(Saved data entries)
= = = = = = =
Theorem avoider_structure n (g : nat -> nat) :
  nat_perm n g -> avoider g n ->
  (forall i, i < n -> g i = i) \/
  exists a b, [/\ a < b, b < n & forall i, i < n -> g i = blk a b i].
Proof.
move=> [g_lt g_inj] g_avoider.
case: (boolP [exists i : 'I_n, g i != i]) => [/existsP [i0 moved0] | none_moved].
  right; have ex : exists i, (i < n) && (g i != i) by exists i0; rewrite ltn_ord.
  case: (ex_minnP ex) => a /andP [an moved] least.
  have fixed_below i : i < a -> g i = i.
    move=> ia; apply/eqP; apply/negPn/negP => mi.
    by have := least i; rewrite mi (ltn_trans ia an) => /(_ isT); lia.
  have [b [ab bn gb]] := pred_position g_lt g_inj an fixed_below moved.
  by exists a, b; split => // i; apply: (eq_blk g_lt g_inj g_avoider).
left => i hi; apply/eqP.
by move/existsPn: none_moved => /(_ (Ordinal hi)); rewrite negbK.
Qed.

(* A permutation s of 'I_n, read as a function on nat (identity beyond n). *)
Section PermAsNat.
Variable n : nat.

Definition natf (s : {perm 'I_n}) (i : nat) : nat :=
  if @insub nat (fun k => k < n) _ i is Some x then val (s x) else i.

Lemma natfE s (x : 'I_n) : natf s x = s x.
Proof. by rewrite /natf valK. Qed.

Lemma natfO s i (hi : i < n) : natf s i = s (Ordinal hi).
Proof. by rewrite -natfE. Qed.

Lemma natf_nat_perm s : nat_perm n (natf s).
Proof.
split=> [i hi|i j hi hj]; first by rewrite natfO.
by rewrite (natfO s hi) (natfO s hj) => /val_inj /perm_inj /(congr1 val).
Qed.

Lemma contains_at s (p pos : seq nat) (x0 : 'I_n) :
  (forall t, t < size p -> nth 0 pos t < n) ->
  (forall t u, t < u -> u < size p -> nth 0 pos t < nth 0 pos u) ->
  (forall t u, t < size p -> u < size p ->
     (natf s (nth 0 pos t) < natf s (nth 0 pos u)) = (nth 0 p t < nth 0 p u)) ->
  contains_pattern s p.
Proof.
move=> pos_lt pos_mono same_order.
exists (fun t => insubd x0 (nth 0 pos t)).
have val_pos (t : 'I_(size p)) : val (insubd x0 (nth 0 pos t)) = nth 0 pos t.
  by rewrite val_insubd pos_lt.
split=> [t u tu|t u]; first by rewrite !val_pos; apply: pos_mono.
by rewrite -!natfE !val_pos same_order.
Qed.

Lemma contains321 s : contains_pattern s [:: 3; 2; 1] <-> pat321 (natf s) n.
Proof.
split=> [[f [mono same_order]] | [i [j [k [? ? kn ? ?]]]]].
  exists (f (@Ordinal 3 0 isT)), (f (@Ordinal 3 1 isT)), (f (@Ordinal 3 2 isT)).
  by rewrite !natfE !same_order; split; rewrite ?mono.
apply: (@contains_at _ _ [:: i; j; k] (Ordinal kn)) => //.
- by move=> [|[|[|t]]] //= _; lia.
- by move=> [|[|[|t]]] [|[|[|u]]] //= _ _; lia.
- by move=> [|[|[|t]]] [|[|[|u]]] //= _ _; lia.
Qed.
= = = = = = =
YOUR INSTRUCTIONS:
Copy all records verbatim.

RESULT FOR THIS EXERCISE:
Theorem avoider_structure n (g : nat -> nat) :
  nat_perm n g -> avoider g n ->
  (forall i, i < n -> g i = i) \/
  exists a b, [/\ a < b, b < n & forall i, i < n -> g i = blk a b i].
Proof.
move=> [g_lt g_inj] g_avoider.
case: (boolP [exists i : 'I_n, g i != i]) => [/existsP [i0 moved0] | none_moved].
  right; have ex : exists i, (i < n) && (g i != i) by exists i0; rewrite ltn_ord.
  case: (ex_minnP ex) => a /andP [an moved] least.
  have fixed_below i : i < a -> g i = i.
    move=> ia; apply/eqP; apply/negPn/negP => mi.
    by have := least i; rewrite mi (ltn_trans ia an) => /(_ isT); lia.
  have [b [ab bn gb]] := pred_position g_lt g_inj an fixed_below moved.
  by exists a, b; split => // i; apply: (eq_blk g_lt g_inj g_avoider).
left => i hi; apply/eqP.
by move/existsPn: none_moved => /(_ (Ordinal hi)); rewrite negbK.
Qed.

(* A permutation s of 'I_n, read as a function on nat (identity beyond n). *)
Section PermAsNat.
Variable n : nat.

Definition natf (s : {perm 'I_n}) (i : nat) : nat :=
  if @insub nat (fun k => k < n) _ i is Some x then val (s x) else i.

Lemma natfE s (x : 'I_n) : natf s x = s x.
Proof. by rewrite /natf valK. Qed.

Lemma natfO s i (hi : i < n) : natf s i = s (Ordinal hi).
Proof. by rewrite -natfE. Qed.

Lemma natf_nat_perm s : nat_perm n (natf s).
Proof.
split=> [i hi|i j hi hj]; first by rewrite natfO.
by rewrite (natfO s hi) (natfO s hj) => /val_inj /perm_inj /(congr1 val).
Qed.

Lemma contains_at s (p pos : seq nat) (x0 : 'I_n) :
  (forall t, t < size p -> nth 0 pos t < n) ->
  (forall t u, t < u -> u < size p -> nth 0 pos t < nth 0 pos u) ->
  (forall t u, t < size p -> u < size p ->
     (natf s (nth 0 pos t) < natf s (nth 0 pos u)) = (nth 0 p t < nth 0 p u)) ->
  contains_pattern s p.
Proof.
move=> pos_lt pos_mono same_order.
exists (fun t => insubd x0 (nth 0 pos t)).
have val_pos (t : 'I_(size p)) : val (insubd x0 (nth 0 pos t)) = nth 0 pos t.
  by rewrite val_insubd pos_lt.
split=> [t u tu|t u]; first by rewrite !val_pos; apply: pos_mono.
by rewrite -!natfE !val_pos same_order.
Qed.

Lemma contains321 s : contains_pattern s [:: 3; 2; 1] <-> pat321 (natf s) n.
Proof.
split=> [[f [mono same_order]] | [i [j [k [? ? kn ? ?]]]]].
  exists (f (@Ordinal 3 0 isT)), (f (@Ordinal 3 1 isT)), (f (@Ordinal 3 2 isT)).
  by rewrite !natfE !same_order; split; rewrite ?mono.
apply: (@contains_at _ _ [:: i; j; k] (Ordinal kn)) => //.
- by move=> [|[|[|t]]] //= _; lia.
- by move=> [|[|[|t]]] [|[|[|u]]] //= _ _; lia.
- by move=> [|[|[|t]]] [|[|[|u]]] //= _ _; lia.
Qed.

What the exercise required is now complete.